Eight of the 10 senior centers under Jewish auspices to be closed, all of which provide nonsectarian services, are run by the Jewish Association for Services to the Aged. The others are run by the Educational Alliance and the United Jewish Council on the East Side. Sixteen of the service centers to be closed are in Manhattan, 10 in Queens, 11 in Brooklyn, nine in the Bronx and four on Staten Island.
The programs on the chopping block include JASA’s centers in Astoria, Holliswood, Whitestone and Jackson Heights in Queens and Parkchester and Co-Op City in the Bronx. Also affected are the Jacob Riis Senior Center at the Educational Alliance and a center at the Lillian Wald Houses on the Lower East Side.
The CEO of JASA, Aileen Gittelson, did not return several calls seeking comment as of Tuesday night.
Bobbie Sackman, director of policy for the Council of Senior Centers and Services, said the cuts would deprive hundreds of seniors of a key regular interaction outside the home, for some the only one.
“When you close those centers, there is no guarantee that those people will attend another center,” she said. “They will be isolated, especially people in their 80s and 90s who can’t travel easily. That can lead to health and mental deterioration and also a loss of nutrition.”

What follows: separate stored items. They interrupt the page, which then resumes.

(* Let $\varepsilon>0$, $b>0$, $r_c\ge 0$ with $r_c<b$, and $\omega>0$. Consider the matrix $$A=\begin{pmatrix} 0 & \omega^2 & 0 \\ -\omega^2 - \varepsilon \frac{r_c^2 - b^2}{(b^2 + r_c^2)^2} & 0 & 0\\ 0 & -\frac{\varepsilon b}{b^2 + r_c^2} & 0 \end{pmatrix},$$ which governs the linearized growth rates $\mu$ of perturbations $\delta e^{\mu t}(\alpha\cos\omega s,\beta\cos\omega s,\gamma\sin\omega s)$ of the straight-line solution $\mathbf{X}(s,t)=b\mathbf{e}_1 - \varepsilon\frac{b}{b^2+r_c^2} t\,\mathbf{e}_2 + s\mathbf{e}_3$ of the equation $\mathbf{X}_t = \frac{\mathbf{X}_s \wedge \mathbf{X}_{ss}}{|\mathbf{X}_s|^3} - \frac{\varepsilon x_1}{x_1^2 + r_c^2} \frac{\mathbf{X}_s\wedge \mathbf{e}_1 }{|\mathbf{X}_s|}$. Then $A$ has an eigenvalue with positive real part if and only if $$\omega < \frac{\sqrt{\varepsilon (b^2 - r_c^2)}}{b^2 + r_c^2},$$ equivalently, the wavelength $\lambda=2\pi/\omega$ satisfies $\lambda > \frac{2 \pi b}{\sqrt{\varepsilon}}\,\frac{1 + (r_c / b)^2}{\sqrt{1 - (r_c / b)^2}}$.
   Context: $\mathbf{e}_1,\mathbf{e}_2,\mathbf{e}_3$ is the standard basis of $\mathbb{R}^3$, $\wedge$ is the cross product, $x_1$ is the first component of $\mathbf{X}$. Instability of the straight-line pair means some eigenvalue of $A$ has positive real part. *)

From HB Require Import structures.
From mathcomp Require Import all_boot all_order all_algebra.
From mathcomp Require Import complex.
From mathcomp Require Import reals trigo.
Set Implicit Arguments. Unset Strict Implicit. Unset Printing Implicit Defensive.
Import Order.TTheory GRing.Theory Num.Theory.
Local Open Scope ring_scope.

Definition Amat (R : realType) (eps b rc w : R) : 'M[R]_3 :=
  \matrix_(i < 3, j < 3)
    match nat_of_ord i, nat_of_ord j with
    | 0%N, 1%N => w ^+ 2
    | 1%N, 0%N => - w ^+ 2 - eps * (rc ^+ 2 - b ^+ 2) / (b ^+ 2 + rc ^+ 2) ^+ 2
    | 2%N, 1%N => - (eps * b / (b ^+ 2 + rc ^+ 2))
    | _, _ => 0
    end.

Definition complex_eigenvalue (R : realType) (n : nat) (M : 'M[R]_n) (mu : R[i]) :=
  eigenvalue (map_mx (real_complex R) M) mu.

Definition unstable (R : realType) (n : nat) (M : 'M[R]_n) :=
  exists mu : R[i], complex_eigenvalue M mu /\ 0 < complex.Re mu.

(* A left eigenvector v of A for an eigenvalue mu <> 0 has v_2 = 0, and its
   first two coordinates then satisfy the 2x2 system [[0, w^2], [c, 0]], with
   c = A_10; so the nonzero eigenvalues of A are the square roots of w^2 c.
   One of them has positive real part iff w^2 c > 0, i.e. iff
   w^2 < eps (b^2 - rc^2) / (b^2 + rc^2)^2; the wavelength form is the same
   inequality after inversion. *)

From HB Require Import structures.
From mathcomp Require Import all_boot all_order all_algebra.
From mathcomp Require Import complex.
From mathcomp Require Import reals trigo.
From mathcomp Require Import ring.
Set Implicit Arguments. Unset Strict Implicit.
Import Order.TTheory GRing.Theory Num.Theory.
Local Open Scope ring_scope.
Local Open Scope complex_scope.

Lemma ltr_sqr_sqrt (R : rcfType) (x y : R) : 0 <= x -> (x ^+ 2 < y) = (x < Num.sqrt y).
Proof.
move=> x_ge0; have [y_gt0|y_le0] := ltrP 0 y.
  by rewrite -ltr_sqrt // sqrtr_sqr ger0_norm.
have /eqP -> : Num.sqrt y == 0 by rewrite sqrtr_eq0.
by rewrite ltNge (le_trans y_le0) ?sqr_ge0 // ltNge x_ge0.
Qed.

Lemma sqrt_div_sqr (R : rcfType) (x y : R) : 0 <= y -> Num.sqrt (x / y ^+ 2) = Num.sqrt x / y.
Proof.
move=> y_ge0; rewrite -exprVn mulrC sqrtrM ?sqr_ge0 // sqrtr_sqr.
by rewrite ger0_norm ?invr_ge0 // mulrC.
Qed.

Lemma sqr_complex_Re_gt0 (R : rcfType) (z : R[i]) (x : R) :
  z ^+ 2 = x%:C -> 0 < complex.Re z -> 0 < x.
Proof.
case: z => a b /eqP; rewrite expr2 eq_complex /= => /andP[/eqP <- /eqP ab0] a_gt0.
have /eqP -> : b == 0.
  move/eqP: ab0; rewrite mulrC -mulr2n -mulr_natr !mulf_eq0 pnatr_eq0 (gt_eqF a_gt0).
  by rewrite orbF => /orP[].
by rewrite mul0r subr0 mulr_gt0.
Qed.

Lemma row3_eq0 (K : zmodType) (v : 'rV[K]_3) :
  v 0 0 = 0 -> v 0 1 = 0 -> v 0 2 = 0 -> v = 0.
Proof.
move=> v0 v1 v2; apply/rowP => -[[|[|[|k]]] hk] //; rewrite mxE.
- by rewrite -[RHS]v0; congr (v 0 _); apply: val_inj.
- by rewrite -[RHS]v1; congr (v 0 _); apply: val_inj.
- by rewrite -[RHS]v2; congr (v 0 _); apply: val_inj.
Qed.

Section Osc3.
Variables (R : realType) (p c d : R).

Definition osc3_mx : 'M[R]_3 :=
  \matrix_(i < 3, j < 3)
    match nat_of_ord i, nat_of_ord j with
    | 0%N, 1%N => p
    | 1%N, 0%N => c
    | 2%N, 1%N => d
    | _, _ => 0
    end.

Lemma mul_row_osc3_mx (v : 'rV[R[i]]_3) :
  v *m map_mx (real_complex R) osc3_mx =
  \row_(j < 3) [:: c%:C * v 0 1; p%:C * v 0 0 + d%:C * v 0 2; 0]`_j.
Proof.
have ord0E : ord0 = 0 :> 'I_3 by apply: val_inj.
have lift1E : lift ord0 ord0 = 1 :> 'I_3 by apply: val_inj.
have lift2E : lift ord0 (lift ord0 ord0) = 2 :> 'I_3 by apply: val_inj.
apply/rowP => j; rewrite !mxE !big_ord_recl big_ord0 !mxE ord0E lift1E lift2E.
case: j => [[|[|[|j]]] hj] //=; rewrite !rmorph0 ?mulr0 ?addr0 ?add0r //.
- by rewrite mulrC.
- by rewrite mulrC [v 0 _ * _]mulrC.
Qed.

Lemma osc3_eigenvalue_sqr (mu : R[i]) :
  complex_eigenvalue osc3_mx mu -> mu != 0 -> mu ^+ 2 = (p * c)%:C.
Proof.
move=> /eigenvalueP[v]; rewrite mul_row_osc3_mx => /rowP eqv v_nz mu_nz.
move: (eqv 2) (eqv 0) (eqv 1); rewrite !mxE /= => /esym/eqP.
rewrite mulf_eq0 (negbTE mu_nz) /= => /eqP v2 e0; rewrite v2 mulr0 addr0 => e1.
have sqr_v0 : (mu ^+ 2 - (p * c)%:C) * v 0 0 = 0.
  have -> : (mu ^+ 2 - (p * c)%:C) * v 0 0 =
      mu * (mu * v 0 0 - c%:C * v 0 1) + c%:C * (mu * v 0 1 - p%:C * v 0 0).
    by rewrite rmorphM; ring.
  by rewrite e0 e1 !subrr !mulr0 addr0.
have sqr_v1 : (mu ^+ 2 - (p * c)%:C) * v 0 1 = 0.
  have -> : (mu ^+ 2 - (p * c)%:C) * v 0 1 =
      mu * (mu * v 0 1 - p%:C * v 0 0) + p%:C * (mu * v 0 0 - c%:C * v 0 1).
    by rewrite rmorphM; ring.
  by rewrite e0 e1 !subrr !mulr0 addr0.
apply/eqP; rewrite -subr_eq0; apply: contraNT v_nz => nz; apply/eqP/row3_eq0 => //.
- by apply: (mulfI nz); rewrite sqr_v0 mulr0.
- by apply: (mulfI nz); rewrite sqr_v1 mulr0.
Qed.

Lemma osc3_sqrt_eigenvalue (mu : R[i]) :
  p != 0 -> mu ^+ 2 = (p * c)%:C -> complex_eigenvalue osc3_mx mu.
Proof.
move=> p_nz mu2; apply/eigenvalueP; exists (\row_(j < 3) [:: mu; p%:C; 0]`_j).
  rewrite mul_row_osc3_mx; apply/rowP => -[[|[|[|j]]] hj]; rewrite !mxE //=.
  - by rewrite -expr2 mu2 rmorphM mulrC.
  - by rewrite mulr0 addr0 mulrC.
  - by rewrite mulr0.
by apply/eqP => /rowP /(_ 1); rewrite !mxE /= => /eqP; rewrite fmorph_eq0; exact/negP.
Qed.

Lemma unstable_osc3 : p != 0 -> unstable osc3_mx <-> 0 < p * c.
Proof.
move=> p_nz; split=> [[mu [ev_mu Re_gt0]]|pc_gt0].
  have mu_nz : mu != 0 by apply: contraTneq Re_gt0 => ->; rewrite ltxx.
  exact: sqr_complex_Re_gt0 (osc3_eigenvalue_sqr ev_mu mu_nz) Re_gt0.
exists (Num.sqrt (p * c))%:C; split; last by rewrite /= sqrtr_gt0.
by apply: osc3_sqrt_eigenvalue; rewrite // -rmorphXn sqr_sqrtr ?ltW.
Qed.

End Osc3.

(* [Amat eps b rc w] is convertible to [osc3_mx (w ^+ 2) _ _]. *)
Lemma unstable_Amat (R : realType) (eps b rc w : R) : 0 < w ->
  unstable (Amat eps b rc w) <->
  w < Num.sqrt (eps * (b ^+ 2 - rc ^+ 2)) / (b ^+ 2 + rc ^+ 2).
Proof.
move=> w_gt0; have w2_nz : w ^+ 2 != 0 by rewrite expf_eq0 gt_eqF.
apply: (iff_trans (unstable_osc3 _ _ w2_nz)).
have -> : - w ^+ 2 - eps * (rc ^+ 2 - b ^+ 2) / (b ^+ 2 + rc ^+ 2) ^+ 2
         = eps * (b ^+ 2 - rc ^+ 2) / (b ^+ 2 + rc ^+ 2) ^+ 2 - w ^+ 2 by ring.
rewrite pmulr_rgt0 ?exprn_gt0 // subr_gt0 ltr_sqr_sqrt ?ltW //.
by rewrite sqrt_div_sqr // addr_ge0 ?sqr_ge0.
Qed.

Lemma critical_wavelength (R : rcfType) (eps b rc : R) : 0 <= eps -> 0 < b ->
  b / Num.sqrt eps * ((1 + (rc / b) ^+ 2) / Num.sqrt (1 - (rc / b) ^+ 2)) =
  (b ^+ 2 + rc ^+ 2) / Num.sqrt (eps * (b ^+ 2 - rc ^+ 2)).
Proof.
move=> eps_ge0 b_gt0; have b_nz : b != 0 by rewrite gt_eqF.
have -> : b ^+ 2 - rc ^+ 2 = b ^+ 2 * (1 - (rc / b) ^+ 2) by field.
rewrite sqrtrM // sqrtrM ?sqr_ge0 // sqrtr_sqr ger0_norm ?ltW // !invfM.
(* Opaque inverted roots keep [field] from asking for them to be nonzero. *)
set s := (Num.sqrt eps)^-1; set q := (Num.sqrt _)^-1.
by field.
Qed.

Theorem mainTheorem2 (R : realType) (eps b rc w : R) :
  0 < eps -> 0 < b -> 0 <= rc -> rc < b -> 0 < w ->
  (unstable (Amat eps b rc w) <->
     w < Num.sqrt (eps * (b ^+ 2 - rc ^+ 2)) / (b ^+ 2 + rc ^+ 2)) /\
  (unstable (Amat eps b rc w) <->
     (2 * pi) / w >
       (2 * pi * b / Num.sqrt eps) *
       ((1 + (rc / b) ^+ 2) / Num.sqrt (1 - (rc / b) ^+ 2))).
Proof.
move=> eps_gt0 b_gt0 rc_ge0 rc_lt_b w_gt0.
have unstableE := unstable_Amat eps b rc w_gt0; split=> //.
apply: (iff_trans unstableE).
rewrite -2!(mulrA (2 * pi)) critical_wavelength ?ltW // -invf_div.
rewrite ltr_pM2l ?mulr_gt0 ?pi_gt0 //.
have crit_gt0 : 0 < (b ^+ 2 + rc ^+ 2) / Num.sqrt (eps * (b ^+ 2 - rc ^+ 2)).
  have S_gt0 : 0 < b ^+ 2 + rc ^+ 2 by rewrite ltr_wpDr ?sqr_ge0 ?exprn_gt0.
  by rewrite divr_gt0 ?sqrtr_gt0 ?mulr_gt0 // subr_gt0 ltr_pXn2r // nnegrE ltW.
by rewrite -[w in w < _]invrK ltf_pV2 ?posrE ?invr_gt0.
Qed.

In a statement, Barrios-Paoli, the commissioner of the Department for the Aging said “We embarked on this painful process, because the state’s budget cut left us no other option. We are committed to doing what we can for the seniors and center staff whose lives will be affected. We will be providing all possible assistance through the difficult weeks ahead.”
Seniors won’t be the only ones feeling the budget pain. UJA-Federation agencies, such as the Federation Employment and Guidance Service, the Metropolitan Council on Jewish Poverty and the Jewish Board of Family and Children’s Services, already struggling to maintain services with diminishing public and private money, will see drastic reductions for immigrant relocation funds, treating and preventing child abuse, and programs to provide food, housing and counseling for the poor.
“We won’t know which of our programs will be hit the hardest until we see the actual budget,” said William Rapfogel, executive director of Met Council.
Ron Soloway, managing director of external and governmental relations for UJA-Federation, said the New York City cuts were less severe than those from state agencies, but together they packed a powerful punch.
“Through the last two years of this recession, human services agencies have probably forgone cost-of-living adjustments of somewhere between 7 and 9 percent of expected income,” he said. “I think the cuts we will sustain this year will result in foregone income of another 3 to 5 percent. When this year is finished over the last three years agencies will have found more than 10 percent of expected income in the reduction in the service provided. In the Jewish community that probably means a loss of expected revenue in the realm of $100 million.” At the end of the day, he said, perhaps one third may be restored in negotiations with legislators.
Soloway said that even if proposed measures to increase revenues, such as a tax on some soft drinks or allowing wine to be sold in grocery stores, are approved by the Legislature, the revenue would only make up about a billion, out of a $9 billion deficit.